[Pipelines] Mask Generation Parameters

John6666 · December 10, 2025, 8:26am

The lack of parameters seems intentional.

The missing parameters are intentional.
Hugging Face’s MaskGenerationPipeline is not a thin wrapper around Meta’s SamAutomaticMaskGenerator / SAM2AutomaticMaskGenerator. It is a separate automatic-mask-generation implementation with a different set of knobs, designed to work uniformly across multiple SAM-style models.
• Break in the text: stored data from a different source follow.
Definition E_W psi : R :=
  Num.min (concurrence (rho_AB psi) ^+ 2)
    (Num.min (concurrence (rho_AC psi) ^+ 2) (concurrence (rho_BC psi) ^+ 2)).

End QubitDefs.

From HB Require Import structures.
From mathcomp Require Import all_boot all_order all_algebra.
From mathcomp Require Import reals complex mxtens ring lra.
Import Order.TTheory GRing.Theory Num.Theory Normc.

(* Write d_X for the determinant of the one-qubit reduced state rho_X of a unit
   vector psi and tau for its three-tangle.  Expanding rho_BC in the Pauli basis
   gives S_BC = 1 - 8 d_A + 4 d_B + 4 d_C.  The nonzero eigenvalues of Wootters'
   matrix for rho_BC are the roots of z^2 - F z + (tau/4)^2, where
   F = 2 (d_B + d_C - d_A) is its trace, hence C_BC^2 <= F - tau/2.  Together,
   S_AB + S_AC + 3 C_BC^2 <= 2 + 2 (d_A + d_B + d_C) - 3 tau/2, and the bound
   10/3 follows from d_A + d_B + d_C <= 3 tau/4 + 2/3.  Both sides of the latter
   scale alike under local operations of the form (scalar) x SU(2), which bring
   psi to Acin's canonical form psi_001 = psi_010 = psi_011 = 0, where it is an
   elementary estimate.  The same bound for the other two pairs controls the
   maximum plus three times the minimum. *)

Set Implicit Arguments. Unset Strict Implicit. Unset Printing Implicit Defensive.
Local Open Scope complex_scope.
Local Open Scope ring_scope.

Lemma big_ord2 (V : nmodType) (F : 'I_2 -> V) : \sum_(i < 2) F i = F 0 + F 1.
Proof. by rewrite big_ord_recr big_ord1; congr (F _ + F _); apply: val_inj. Qed.

Lemma big_ord3 (V : nmodType) (F : 'I_3 -> V) : \sum_(i < 3) F i = F 0 + F 1 + F 2.
Proof. by rewrite big_ord_recr big_ord2; congr (F _ + F _ + F _); apply: val_inj. Qed.

Lemma big_mxtens (V : nmodType) m n (F : 'I_(m * n) -> V) :
  \sum_(r < m * n) F r = \sum_(i < m) \sum_(j < n) F (mxtens_index (i, j)).
Proof.
rewrite pair_big /= (reindex (@mxtens_index m n)) /=; first by apply: eq_bigr => -[].
by exists (@mxtens_unindex m n) => x _; rewrite ?mxtens_indexK ?mxtens_unindexK.
Qed.

Lemma ord2P (i : 'I_2) : i = 0 \/ i = 1.
Proof. by case: i => [[|[|]]] // ?; [left|right]; apply: val_inj. Qed.

(* Unlike [rmorphD] and friends, these rewrite to terms that [ring] recognises
   as the same atoms [x^*]. *)
Section Conjugation.
Variable C : numClosedFieldType.
Implicit Types x y : C.

Lemma conjCD x y : (x + y)^* = x^* + y^*. Proof. exact: rmorphD. Qed.
Lemma conjCB x y : (x - y)^* = x^* - y^*. Proof. exact: rmorphB. Qed.
Lemma conjCM x y : (x * y)^* = x^* * y^*. Proof. exact: rmorphM. Qed.
Lemma conjCN x : (- x)^* = - x^*. Proof. exact: rmorphN. Qed.

End Conjugation.

Lemma tensmxZl (R : pzRingType) m n p q (c : R) (A : 'M[R]_(m, n)) (B : 'M[R]_(p, q)) :
  (c *: A) *t B = c *: (A *t B).
Proof.
apply/matrixP => i j; case: (mxtens_indexP i) => i1 i2; case: (mxtens_indexP j) => j1 j2.
by rewrite tensmxE [RHS]mxE tensmxE mxE mulrA.
Qed.

Lemma tensmxZr (R : comPzRingType) m n p q (c : R) (A : 'M[R]_(m, n)) (B : 'M[R]_(p, q)) :
  A *t (c *: B) = c *: (A *t B).
Proof.
apply/matrixP => i j; case: (mxtens_indexP i) => i1 i2; case: (mxtens_indexP j) => j1 j2.
by rewrite tensmxE [RHS]mxE tensmxE mxE mulrCA.
Qed.

Section ComplexFacts.
Variable R : rcfType.
Local Notation C := R[i].

Lemma normc_ge0 (z : C) : 0 <= normc z.
Proof. by case: z => a b; apply: sqrtr_ge0. Qed.

Lemma normc_gt0 (z : C) : z != 0 -> 0 < normc z.
Proof.
by move=> nz; rewrite lt_def normc_ge0 andbT; apply: contra nz => /eqP /eq0_normc ->.
Qed.

Lemma mulcJ_normc (z : C) : z * z^* = (normc z ^+ 2)%:C.
Proof.
case: z => a b; rewrite /= sqr_sqrtr ?addr_ge0 ?sqr_ge0 //.
by simpc; rewrite [b * a]mulrC addNr -!expr2.
Qed.

Lemma normcC_mul (z : C) : (normc z)%:C * (normc z)%:C = z * z^*.
Proof. by rewrite mulcJ_normc rmorphXn expr2. Qed.

Lemma normc_real (r : R) : 0 <= r -> normc r%:C = r.
Proof. by move=> r0; rewrite /= expr0n addr0 sqrtr_sqr ger0_norm. Qed.

Lemma conjc_fixed_Re (z : C) : z^* = z -> (complex.Re z)%:C = z.
Proof. by case: z => a b [] /= hb; congr Complex; lra. Qed.

Lemma Re_natM n (z : C) : complex.Re (n%:R * z) = n%:R * complex.Re z.
Proof. by rewrite !mulr_natl raddfMn. Qed.

Lemma Re_sum (s : seq C) : complex.Re (\sum_(z <- s) z) = \sum_(z <- s) complex.Re z.
Proof.
by elim: s => [|z s IH]; rewrite ?big_nil // !big_cons -IH; case: z; case: (\sum_(_ <- s) _).
Qed.

Lemma Re_realM (r : R) (z : C) : complex.Re (r%:C * z) = r * complex.Re z.
Proof. by case: z => a b; simpc. Qed.

End ComplexFacts.

Section Adjoint.
Variable R : realType.
Local Notation C := R[i].

Lemma adjmxK m n (A : 'M[C]_(m, n)) : adjmx (adjmx A) = A.
Proof. by apply/matrixP => i j; rewrite !mxE conjcK. Qed.

Lemma adjmx0 m n : adjmx (0 : 'M[C]_(m, n)) = 0.
Proof. by rewrite /adjmx map_mx0 trmx0. Qed.

Lemma adjmxD m n (A B : 'M[C]_(m, n)) : adjmx (A + B) = adjmx A + adjmx B.
Proof. by rewrite /adjmx map_mxD linearD. Qed.

Lemma adjmxM m n p (A : 'M[C]_(m, n)) (B : 'M[C]_(n, p)) :
  adjmx (A *m B) = adjmx B *m adjmx A.
Proof. by rewrite /adjmx map_mxM trmx_mul. Qed.

Lemma adjmx_tens m n p q (A : 'M[C]_(m, n)) (B : 'M[C]_(p, q)) :
  adjmx (A *t B) = adjmx A *t adjmx B.
Proof. by rewrite /adjmx map_mxT trmx_tens. Qed.

Lemma mxtrace_adj n (A : 'M[C]_n) : \tr (adjmx A) = (\tr A)^*.
Proof. by rewrite /adjmx mxtrace_tr trace_map_mx. Qed.

Lemma adjmx_red_state (v : 'I_2 -> 'cV[C]_(2 * 2)) : adjmx (red_state v) = red_state v.
Proof.
rewrite /red_state (big_morph _ (@adjmxD _ _) (@adjmx0 _ _)).
by apply: eq_bigr => k _; rewrite adjmxM adjmxK.
Qed.

Lemma mxtrace_herm_conj n (A B : 'M[C]_n) :
  adjmx A = A -> adjmx B = B -> (\tr (A *m B))^* = \tr (A *m B).
Proof. by move=> hA hB; rewrite -mxtrace_adj adjmxM hA hB mxtrace_mulC. Qed.

End Adjoint.

Section Pauli.
Variable R : realType.
Local Notation C := R[i].

Definition tau : 'M[C]_2 := \matrix_(i, j) (if i == j then 0 else if i == 0 then -1 else 1).

Lemma sigma2E : sigma2 R = 'i%C *: tau.
Proof.
apply/matrixP => i j; rewrite !mxE.
by case: (ord2P i) => ->; case: (ord2P j) => ->; rewrite /= ?mulr0 ?mulrN ?mulr1.
Qed.

Lemma trmx_tau : tau^T = - tau.
Proof.
apply/matrixP => a b; rewrite !mxE.
by case: (ord2P a) => ->; case: (ord2P b) => ->; rewrite /= ?oppr0 ?opprK.
Qed.

Lemma map_conjc_tau : map_mx conjc tau = tau.
Proof.
apply/matrixP => a b; rewrite !mxE; case: (ord2P a) => ->; case: (ord2P b) => ->;
  by apply/eqP; rewrite eq_complex /= ?oppr0 !eqxx.
Qed.

Lemma adjmx_pauli k : adjmx (pauli R k) = pauli R k.
Proof.
apply/matrixP => i j; rewrite !mxE /pauli.
by case: ifP => _; [|case: ifP => _]; rewrite !mxE;
  case: (ord2P i) => ->; case: (ord2P j) => ->;
  apply/eqP; rewrite eq_complex /= ?oppr0 ?opprK !eqxx.
Qed.

Lemma tcorr_sqrE (rho : 'M[C]_(2 * 2)) k l : adjmx rho = rho ->
  (tcorr rho k l ^+ 2)%:C = \tr (rho *m (pauli R k *t pauli R l)) ^+ 2.
Proof.
move=> hrho; rewrite rmorphXn; congr (_ ^+ 2); apply: conjc_fixed_Re.
by rewrite mxtrace_herm_conj // adjmx_tens !adjmx_pauli.
Qed.

(* [ring] does not know that ['i ^+ 2 = -1]; pulling the phase ['i] out of
   [sigma2] leaves matrices with entries in {0, 1, -1}. *)
Definition pauli_phase (k : 'I_3) : C := if k == 1 then 'i%C else 1.
Definition rpauli (k : 'I_3) : 'M[C]_2 := if k == 1 then tau else pauli R k.

Lemma pauli_phaseE k : pauli R k = pauli_phase k *: rpauli k.
Proof.
rewrite /pauli_phase /rpauli; case: eqP => [-> | _]; last by rewrite scale1r.
exact: sigma2E.
Qed.

Lemma ScorrE (rho : 'M[C]_(2 * 2)) : adjmx rho = rho ->
  (Scorr rho)%:C = \sum_(k < 3) \sum_(l < 3)
    pauli_phase k ^+ 2 * pauli_phase l ^+ 2 * \tr (rho *m (rpauli k *t rpauli l)) ^+ 2.
Proof.
move=> hrho; rewrite rmorph_sum; apply: eq_bigr => k _.
rewrite rmorph_sum; apply: eq_bigr => l _; apply: etrans; first exact: tcorr_sqrE.
by rewrite !pauli_phaseE tensmxZl tensmxZr scalerA -scalemxAr mxtraceZ !exprMn.
Qed.

End Pauli.

Section Amplitudes.
Variable R : realType.
Local Notation C := R[i].
Implicit Types psi : 'I_2 -> 'I_2 -> 'I_2 -> C.

Definition swapAB psi : 'I_2 -> 'I_2 -> 'I_2 -> C := fun a b c => psi b a c.
Definition swapAC psi : 'I_2 -> 'I_2 -> 'I_2 -> C := fun a b c => psi c b a.
Definition swapBC psi : 'I_2 -> 'I_2 -> 'I_2 -> C := fun a b c => psi a c b.

Definition sqnorm psi : C := \sum_(a < 2) \sum_(b < 2) \sum_(c < 2) psi a b c * (psi a b c)^*.

Definition gramA psi (a b : 'I_2) : C :=
  \sum_(j < 2) \sum_(k < 2) psi a j k * (psi b j k)^*.
Definition detA psi : C := gramA psi 0 0 * gramA psi 1 1 - gramA psi 0 1 * gramA psi 1 0.
Definition detB psi : C := detA (swapAB psi).
Definition detC psi : C := detA (swapAC psi).

Lemma detA_swapBC psi : detA (swapBC psi) = detA psi.
Proof. by rewrite /detA /gramA; congr (_ * _ - _ * _); apply: exchange_big. Qed.

Lemma detC_swapAB psi : detC (swapAB psi) = detC psi.
Proof. exact: (detA_swapBC (swapAC psi)). Qed.

Lemma detB_swapAC psi : detB (swapAC psi) = detB psi.
Proof. exact: (detA_swapBC (swapAB psi)). Qed.

Lemma sqnorm_swapAB psi : sqnorm (swapAB psi) = sqnorm psi.
Proof. by rewrite /sqnorm exchange_big. Qed.

Lemma sqnorm_swapAC psi : sqnorm (swapAC psi) = sqnorm psi.
Proof. by rewrite /sqnorm /swapAC !big_ord2; ring. Qed.

Definition slice psi (a : 'I_2) : 'cV[C]_(2 * 2) :=
  \sum_(j < 2) \sum_(k < 2) psi a j k *: ket2 R j k.

Lemma ket2E x y j k : ket2 R x y (mxtens_index (j, k)) 0 = (j == x)%:R * (k == y)%:R.
Proof.
rewrite [in LHS](_ : 0 = mxtens_index ((0 : 'I_1), (0 : 'I_1))); last exact: val_inj.
by rewrite (tensmxE (ket R x) (ket R y) j k 0 0) !mxE eqxx !andbT.
Qed.

Lemma slice_tens psi a j k : slice psi a (mxtens_index (j, k)) 0 = psi a j k.
Proof.
rewrite /slice summxE big_ord2 !summxE !big_ord2 ![fun_of_matrix (_ *: _) _ _]mxE !ket2E.
by case: (ord2P j) => ->; case: (ord2P k) => ->; rewrite /=; ring.
Qed.

Lemma mxtrace_red_state (v : 'I_2 -> 'cV[C]_(2 * 2)) X :
  \tr (red_state v *m X) =
  \sum_(a < 2) \sum_(r < 2 * 2) \sum_(s < 2 * 2) v a s 0 * (v a r 0)^* * X r s.
Proof.
rewrite /red_state mulmx_suml raddf_sum /=; apply: eq_bigr => a _.
rewrite /mxtrace exchange_big /=; apply: eq_bigr => r _.
rewrite mxE; apply: eq_bigr => s _.
by rewrite mxE big_ord1 !mxE mulrC mulrA.
Qed.

Lemma mxtrace_rhoBC_tens psi (A B : 'M[C]_2) :
  \tr (rho_BC psi *m (A *t B)) =
  \sum_(a < 2) \sum_(j' < 2) \sum_(k' < 2) \sum_(j < 2) \sum_(k < 2)
    psi a j k * (psi a j' k')^* * (A j' j * B k' k).
Proof.
rewrite (mxtrace_red_state (slice psi)); apply: eq_bigr => a _.
rewrite big_mxtens; apply: eq_bigr => j' _; apply: eq_bigr => k' _.
rewrite big_mxtens; apply: eq_bigr => j _; apply: eq_bigr => k _.
by rewrite !slice_tens tensmxE.
Qed.

Lemma Scorr_rhoBC psi :
  (Scorr (rho_BC psi))%:C = sqnorm psi ^+ 2 - 8 * detA psi + 4 * detB psi + 4 * detC psi.
Proof.
rewrite ScorrE; last exact: adjmx_red_state.
under eq_bigr => k _ do under eq_bigr => l _ do rewrite mxtrace_rhoBC_tens !big_ord2.
rewrite !big_ord3 /pauli_phase /rpauli /= sqr_i /pauli /= !mxE /=.
rewrite /sqnorm /detB /detC /detA /gramA /swapAB /swapAC !big_ord2.
ring.
Qed.

End Amplitudes.

Section Eigenvalues.
Variable R : realType.
Local Notation C := R[i].
Variables (n : nat) (M : 'M[C]_n).

Lemma char_poly_eigenvalues : char_poly M = \prod_(z <- eigenvalues M) ('X - z%:P).
Proof.
rewrite /eigenvalues; case: (closed_field_poly_normal _) => r /= ->.
by rewrite (monicP (char_poly_monic _)) scale1r.
Qed.

Lemma size_eigenvalues : size (eigenvalues M) = n.
Proof.
by have := size_char_poly M; rewrite char_poly_eigenvalues size_prod_XsubC => -[].
Qed.

Lemma eigenvalue_mem z : z \in eigenvalues M -> eigenvalue M z.
Proof. by move=> zs; rewrite eigenvalue_root_char char_poly_eigenvalues root_prod_XsubC. Qed.

Lemma sum_eigenvalues : (0 < n)%N -> \sum_(z <- eigenvalues M) z = \tr M.
Proof.
move=> n_gt0; have := char_poly_trace M n_gt0.
rewrite char_poly_eigenvalues -[in n.-1]size_eigenvalues coefPn_prod_XsubC.
  exact: oppr_inj.
by rewrite size_eigenvalues -lt0n.
Qed.
(* With the notation of the context, for every $\rho\in(-1,1)$, $$e^{-\frac{\eta^2T}{2}}\le\frac{1+\frac{w(\rho)}{2}}{e^{\frac{\eta^2T}{2}}+\frac{w(\rho)}{2}}\le\frac{D}{p}\le1,$$ $$1\le\frac{G}{p}\le1+\frac{w(\rho)e_2}{2\eta^2T+\eta^2Tw(\rho)}\le1+\frac{e_2}{\eta^2T},$$ where $e_2=e^{2\eta^2T}-2(1+\eta^2T)e^{\frac{\eta^2T}{2}}+\eta^2T+1$.
   Context: Fix $T>0$, $r,\nu,\mu\in\mathbb R$, $\eta>0$, $\sigma>0$, $\rho\in(-1,1)$, $s_0>0$, $\lambda>0$, $\gamma>0$; $N$ is a standard Gaussian random variable; $W$ is the Lambert function (inverse of $x\in(-1,\infty)\mapsto xe^x$). Let $\theta(\rho)=\lambda\gamma(1-\rho^2)$, $w(\rho)=W\left(s_0\eta^2Te^{(\nu-\eta\rho\frac{\mu-r}{\sigma}-\frac{\eta^2}{2})T}\theta(\rho)\right)$, $$D=\frac{\lambda e^{-rT}}{\theta(\rho)\eta^2T}w(\rho)\left(1+\frac{w(\rho)}2\right),\qquad G=\frac{\lambda e^{-rT}}{\theta(\rho)}\frac{w(\rho)}{\eta^2T}\left(e^{\frac{\eta^2}{2}T}+\frac{w(\rho)}2\right),$$ and let $p$ be the asking reservation price of $\lambda$ units of the non-traded stock, $$p=-\frac{e^{-rT}}{\gamma(1-\rho^2)}\ln\mathbb E\exp\left(-\theta(\rho)s_0e^{(\nu-\eta\rho\frac{\mu-r}{\sigma}-\frac{\eta^2}{2})T}e^{\eta\sqrt TN}\right).$$ *)

From Stdlib Require Import Reals ClassicalEpsilon.
From Coquelicot Require Import Coquelicot.
Open Scope R_scope.

(* Lambert function W: inverse of x in (-1,oo) |-> x e^x.
   Chosen by Hilbert epsilon; for y >= -1/e it is the unique such x. *)
Definition LambertW (y : R) : R :=
  epsilon (inhabits 0) (fun x => -1 < x /\ x * exp x = y).

Definition gauss_density (x : R) : R := exp (- x ^ 2 / 2) / sqrt (2 * PI).

Definition gauss_expect (g : R -> R) : R :=
  RInt_gen (fun x => g x * gauss_density x)
    (Rbar_locally m_infty) (Rbar_locally p_infty).

Definition theta (lam gam rho : R) : R := lam * gam * (1 - rho ^ 2).

Definition drift (nu eta rho mu r sigma : R) : R :=
  nu - eta * rho * ((mu - r) / sigma) - eta ^ 2 / 2.

Definition wfun (T r nu mu eta sigma rho s0 lam gam : R) : R :=
  LambertW (s0 * eta ^ 2 * T * exp (drift nu eta rho mu r sigma * T)
            * theta lam gam rho).

Definition Dval (T r nu mu eta sigma rho s0 lam gam : R) : R :=
  let w := wfun T r nu mu eta sigma rho s0 lam gam in
  lam * exp (- r * T) / (theta lam gam rho * eta ^ 2 * T) * w * (1 + w / 2).

Definition Gval (T r nu mu eta sigma rho s0 lam gam : R) : R :=
  let w := wfun T r nu mu eta sigma rho s0 lam gam in
  lam * exp (- r * T) / theta lam gam rho * (w / (eta ^ 2 * T))
    * (exp (eta ^ 2 / 2 * T) + w / 2).

(* asking reservation price of lam units of the non-traded stock *)
Definition pval (T r nu mu eta sigma rho s0 lam gam : R) : R :=
  - exp (- r * T) / (gam * (1 - rho ^ 2))
    * ln (gauss_expect (fun n =>
        exp (- theta lam gam rho * s0 * exp (drift nu eta rho mu r sigma * T)
             * exp (eta * sqrt T * n)))).

Definition e2 (eta T : R) : R :=
  exp (2 * eta ^ 2 * T) - 2 * (1 + eta ^ 2 * T) * exp (eta ^ 2 * T / 2)
  + eta ^ 2 * T + 1.

From Stdlib Require Import Reals Psatz ClassicalEpsilon.
From Coquelicot Require Import Coquelicot.
Open Scope R_scope.

(* Put [v = eta^2 T], [sg = eta sqrt T], [a = theta s0 e^(drift T)] and let [E] be the
   expectation of [exp (- a e^(sg N))], so that [p = - (lam e^(-rT) / theta) ln E].  The
   Lambert equation [w e^w = a v] says [a = c e^(c v)] for [c = w / v], hence
   [a e^(sg N) = c e^y] with [y = sg N + c v].  Writing [e^y = 1 + y + R y] with [R y >= 0],
   [E] is the integral of [e^(-c R y)] against the weight [e^(-c (1 + y))], of mass
   [e^(-c (1 + w/2))], under which [y] is centred normal with variance [v]; every moment of
   [e^y] and [R y] needed is then an explicit Gaussian integral.  Bounding [e^(-c R y)]
   above by [1], below by its tangent at the tilted mean [c (e^(v/2) - 1)] of [c R y]
   (Jensen), and above by [1 - c R y + (c R y)^2 / 2] gives
   [c (1 + w/2) <= - ln E <= c (e^(v/2) + w/2) <= - ln E + c^2 e2 / 2],
   where [e2] is the tilted second moment of [R y]; the ratio bounds are algebra. *)

Local Notation is_RInt_R f l :=
  (is_RInt_gen f (Rbar_locally m_infty) (Rbar_locally p_infty) l).

Ltac unify_exp_args :=
  repeat match goal with
  | |- context [exp ?A] => match goal with
    | |- context [exp ?B] =>
        assert_fails (constr_eq A B); replace A with B by (field || ring)
    end
  end.

Lemma exp_le_compat x y : x <= y -> exp x <= exp y.
Proof. intros [H|H]; [left; apply exp_increasing, H|right; rewrite H; reflexivity]. Qed.

Lemma ln_le_sub_1 u : 0 < u -> ln u <= u - 1.
Proof. intro Hu. pose proof (exp_ineq1_le (ln u)). rewrite exp_ln in H; lra. Qed.

Lemma continuous_of_ex_derive (f : R -> R) x : ex_derive f x -> continuous f x.
Proof. apply (@ex_derive_continuous R_AbsRing R_NormedModule). Qed.

Lemma ex_RInt_of_continuous (f : R -> R) a b :
  (forall x, continuous f x) -> ex_RInt f a b.
Proof. intro Hf. apply (@ex_RInt_continuous R_CompleteNormedModule); auto. Qed.

Lemma RInt_0_sub (f : R -> R) u v :
  (forall x, continuous f x) -> RInt f 0 v - RInt f 0 u = RInt f u v.
Proof.
intro Hf. rewrite <- (@RInt_Chasles R_CompleteNormedModule f 0 u v);
  try apply ex_RInt_of_continuous, Hf.
simpl. unfold plus; simpl. ring.
Qed.

Lemma derive_0_const (f : R -> R) x :
  (forall y, is_derive f y 0) -> f x = f 0.
Proof.
intro Hf.
assert (H : is_RInt (fun _ => 0) 0 x (minus (f x) (f 0))).
{ apply (@is_RInt_derive R_CompleteNormedModule); intros; [apply Hf|apply continuous_const]. }
apply (@is_RInt_unique R_CompleteNormedModule) in H.
rewrite (@RInt_const R_CompleteNormedModule) in H.
unfold minus, plus, opp, scal in H; simpl in H; unfold mult in H; simpl in H. lra.
Qed.

Lemma is_lim_sqrt_comp (g : R -> R) (x : Rbar) (l : R) :
  0 <= l -> is_lim g x l -> is_lim (fun y => sqrt (g y)) x (sqrt l).
Proof.
intros Hl Hg. apply (filterlim_comp _ _ _ g sqrt _ (locally l)); [exact Hg|].
apply continuity_pt_filterlim, continuity_pt_sqrt, Hl.
Qed.

Lemma is_lim_comp_shift (f : R -> R) (x l : Rbar) s :
  x = p_infty \/ x = m_infty -> is_lim f x l -> is_lim (fun y => f (y - s)) x l.
Proof.
intros Hx Hf. apply (is_lim_comp f (fun y => y - s) x l x); [exact Hf| |].
- eapply is_lim_plus; [apply is_lim_id | apply is_lim_const |].
  destruct Hx as [-> | ->]; reflexivity.
- destruct Hx as [-> | ->]; apply filter_forall; discriminate.
Qed.

Lemma is_lim_infty_0 (f : R -> R) :
  (forall eps, 0 < eps -> exists M, forall x, M < Rabs x -> Rabs (f x) < eps) ->
  is_lim f p_infty 0 /\ is_lim f m_infty 0.
Proof.
intro Hf. split; apply is_lim_spec; intro eps;
  destruct (Hf eps (cond_pos eps)) as [M HM];
  pose proof (Rle_abs M); pose proof (Rabs_pos M).
- exists (Rabs M). intros x Hx. rewrite Rminus_0_r. apply HM.
  rewrite Rabs_right; lra.
- exists (- Rabs M). intros x Hx. rewrite Rminus_0_r. apply HM.
  rewrite Rabs_left; lra.
Qed.

Lemma ex_is_lim_of_dominated_increments (f g : R -> R) (x : Rbar) (l : R) :
  (forall u v, Rabs (f v - f u) <= Rabs (g v - g u)) ->
  is_lim g x l -> exists l' : R, is_lim f x l'.
Proof.
intros Hfg Hg.
apply (Hierarchy.filterlim_locally_cauchy (F := Rbar_locally' x) f).
intro eps. exists (fun y => Rabs (g y - l) < eps / 2). split.
- exact (proj2 (is_lim_spec g x l) Hg (pos_div_2 eps)).
- intros u v Hu Hv. change (Rabs (f v - f u) < eps).
  apply (Rle_lt_trans _ _ _ (Hfg u v)).
  replace (g v - g u) with ((g v - l) - (g u - l)) by ring.
  apply (Rle_lt_trans _ _ _ (Rabs_triang _ _)). rewrite Rabs_Ropp. lra.
Qed.

Lemma div_le_div_cross a b c d : 0 < b -> 0 < d -> a * d <= c * b -> a / b <= c / d.
Proof.
intros Hb Hd H. apply (Rmult_le_reg_r (b * d)); [nra|].
replace (a / b * (b * d)) with (a * d) by (field; lra).
replace (c / d * (b * d)) with (c * b) by (field; lra). exact H.
Qed.

Lemma div_le_1 a b : 0 < b -> a <= b -> a / b <= 1.
Proof. intros. replace 1 with (1 / 1) by field. apply div_le_div_cross; lra. Qed.

Lemma one_le_div a b : 0 < b -> b <= a -> 1 <= a / b.
Proof. intros. replace 1 with (1 / 1) by field. apply div_le_div_cross; lra. Qed.

Lemma is_RInt_R_of_derive (F f : R -> R) (la lb : R) :
  (forall x, is_derive F x (f x)) -> (forall x, continuous f x) ->
  is_lim F m_infty la -> is_lim F p_infty lb -> is_RInt_R f (lb - la).
Proof.
intros HF Hf Hla Hlb. apply (is_RInt_gen_ext (Derive F)).
- apply filter_forall. intros ab x _. apply is_derive_unique, HF.
- apply is_RInt_gen_Derive; [| |exact Hla|exact Hlb];
    apply filter_forall; intros ab x _.
  + eexists. apply HF.
  + apply (continuous_ext f); [|apply Hf].
    intro y. symmetry. apply is_derive_unique, HF.
Qed.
Parameters that the HF implementation does not actually use, like box_nms_thresh and points_per_side, are not exposed.

I will unpack that in concrete terms.

1. What each implementation actually exposes

Meta: `SamAutomaticMaskGenerator`

From the official SAM repo:

Constructor parameters include:

Sampling:
- points_per_side
- points_per_batch
- point_grids
Crop schedule:
- crop_n_layers
- crop_overlap_ratio
- crop_n_points_downscale_factor
Quality and stability:
- pred_iou_thresh
- stability_score_thresh
- stability_score_offset
NMS:
- box_nms_thresh (within a crop)
- crop_nms_thresh (between crops)
Small-region cleanup:
- min_mask_region_area
Output format:
- output_mode (binary_mask, uncompressed_rle, coco_rle)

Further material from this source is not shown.